Sadak 2 movie review
Cast: Alia Bhatt, Sanjay Dutt, Aditya Roy Kapur, Pooja Bhatt, Makrand Deshpande
Director: Mahesh Bhatt
Sanjay Dutt is involved, and maybe he’s the only one. As Sadak 2 wanders between fake slime and greedy families, while hitting the melodrama and the rest of the cast following in his footsteps, Sanjay Dutt really gets into the spirit of things. His Ravi is graying and shows his instincts, but that doesn’t stop him from coming face to face with the first baddie he sees. Don’t miss the smile on his face and the song on his lips as he does so. He brings the only moments of joy in this uniformly sad outing.
Watch the trailer for Sadak 2
The problem with Sadak 2 is that it is so deeply ingrained in the worst aspects of ’90s cinema that all the painful intensity and action from hell for Dutt’s leather cannot free him. It is very far from the excellent cinema that Mahesh Bhatt served us in his day; I’m talking about Naam and Zakhm, Arth and Daddy. Sadak 2 regurgitates the most cliché and exaggerated pulp that Bollywood threw in the decade and before.
The themes of death, suicide, and mental illness are ubiquitous in the film and treated with all the finesse of a bull in a china shop. Grieving for his lost love, Ravi de Sanjay constantly talks about a ‘meeting in heaven’ and often tries to act on it. The only time his friend manages to drag him to the hospital, the doctor asks him what he would do if his house caught fire. Your answer involves a can of gasoline. Aarya from Alia Bhatt, who is trying to unmask a ‘dhongi baba’ named Gyaan Prakash (Makrand Deshpande), is quickly labeled insane and sent to the same doctor. It is even mentioned that she was threatened with electric shock therapy!
Sadak 2 Review: Despite Sanjay Dutt’s presence on screen, the movie doesn’t hold you back.

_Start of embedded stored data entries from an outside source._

Lemma Rabs_xterm_le (r n : nat) : Rabs (xterm r n) <= 3 * yterm r n.
Proof.
  pose proof (pos_INR n). pose proof (pos_INR r).
  assert (Hsplit : xterm r n = yterm r n * ((2 * INR n + 1) / (2 * INR n - 1))).
  { unfold xterm, yterm. pose proof (two_INR_minus_1_neq0 n). field. split; lra. }
  assert (Hn : 2 * INR n + 1 <= 3 * Rabs (2 * INR n - 1)).
  { destruct n; [simpl; rewrite Rabs_left; lra|].
    rewrite S_INR. pose proof (pos_INR n). rewrite Rabs_pos_eq; lra. }
  rewrite Hsplit, Rabs_mult, Rabs_pos_eq by (left; apply yterm_gt0).
  rewrite (Rmult_comm 3). apply Rmult_le_compat_l; [left; apply yterm_gt0|].
  pose proof (two_INR_minus_1_neq0 n).
  rewrite Rabs_div, (Rabs_pos_eq (2 * INR n + 1)) by lra.
  apply Rle_div_l; [apply Rabs_pos_lt; assumption | lra].
Qed.

Lemma ex_series_xterm (r : nat) : ex_series (xterm r).
Proof.
  apply (ex_series_le (V := R_CompleteNormedModule) _ (fun n => 3 * yterm r n)).
  - intro n. apply Rabs_xterm_le.
  - destruct (ex_series_yterm r) as [l Hl].
    exists (3 * l). exact (is_series_scal (V := R_NormedModule) 3 _ _ Hl).
Qed.

Definition xsum (r : nat) : R := Series (xterm r).
Definition ysum (r : nat) : R := Series (yterm r).

(** * Recurrences in [r] by creative telescoping *)

Definition xcert (s n : nat) : R :=
  -4 * (INR n / (2 * INR n - 1)) * ((4 * INR n + 2 * INR s - 1) / (2 * INR n + INR s))
  * bratio s n.
(* Equals [xcert 0 n] for [n >= 1]; at [n = 0], [xcert 0] evaluates the removable
   singularity [n / (2n)] as [0] instead of [1/2]. *)
Definition xcert0 (n : nat) : R := -2 * ((4 * INR n - 1) / (2 * INR n - 1)) * bratio 0 n.
Definition ycert (s n : nat) : R := 4 * (INR n / (2 * INR n + INR s)) * bratio s n.

Lemma xterm_telescoping (r n : nat) :
  (4 * INR (S r) + 6) * xterm (S r) n + INR (S r) * xterm r n
  = xcert (S r) (S n) - xcert (S r) n.
Proof.
  unfold xterm, xcert. rewrite bratio_Sn, !bratio_Sr, !S_INR.
  pose proof (two_INR_minus_1_neq0 n). pose proof (pos_INR n). pose proof (pos_INR r).
  field. repeat split; lra.
Qed.

Lemma xterm0_telescoping (n : nat) : 6 * xterm 0 n = xcert0 (S n) - xcert0 n.
Proof.
  unfold xterm, xcert0. rewrite bratio_Sn, !S_INR. simpl INR.
  pose proof (two_INR_minus_1_neq0 n). pose proof (pos_INR n).
  field. repeat split; lra.
Qed.

Lemma yterm_telescoping (r n : nat) :
  4 * (2 * INR (S r) + 1) ^ 2 * yterm (S (S r)) n - 4 * INR (S r) * yterm (S r) n
  - INR (S r) * INR r * yterm r n = ycert (S r) (S n) - ycert (S r) n.
Proof.
  unfold yterm, ycert. rewrite bratio_Sn, !bratio_Sr, !S_INR.
  pose proof (pos_INR n). pose proof (pos_INR r).
  field. repeat split; lra.
Qed.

Written by Mahesh Bhatt and Suhrita Sengupta, the film seems dated from the start. Makrand Deshpande’s clipping of a religious ceremony straight out of a Dan Brown book. This is perhaps the only time that we really see anything remotely related to religion or faith. Alia spray paints the word ‘revenge’ on the cutout before setting it on fire. In the midst of this private Dussehra, the baba’s henchmen pursue her and she ends up in said hospital.
An heiress, Alia flees from the false slime, an ungainly phrase, it does not help how many times the film says it, who also has her hooks in her family: father Yogesh (Jisshu Sengupta) and stepmother Nandini. (Priyanka Bose). She hires Ravi, who pines for her lost love (Pooja Bhatt, seen only in portraits), to take her to Kailash to fulfill a promise she made to her dead mother. Accompanying the walk is her boyfriend (Aditya Roy Kapur). What follows are more twists than you’d see even in an Abbas-Mustan movie, and each one is more fun than the last, ultimately leading us to one of the most chilling climaxes of any movie this year.
Many veterans also made an appearance: Gulshan Grover as Dilip Hathkata and Mohan Joshi as a corrupt police officer Rajesh. Heavy with the heavy story and slow pacing, neither of them add much to Sadak 2. Even the naturally gifted Alia Bhatt fails to rise above the expository dialogue and leaden narrative.
Assemblies of the original Sadak, interspersed through this iteration, let’s never forget how undercooked this product is. And then there are the self-referential nods: Makrand’s slime appears in drag, as a nod to Sadashiv Amrapurkar’s iconic Maharani from the first film, perhaps. It looks like a cheap knockoff, very much like this movie.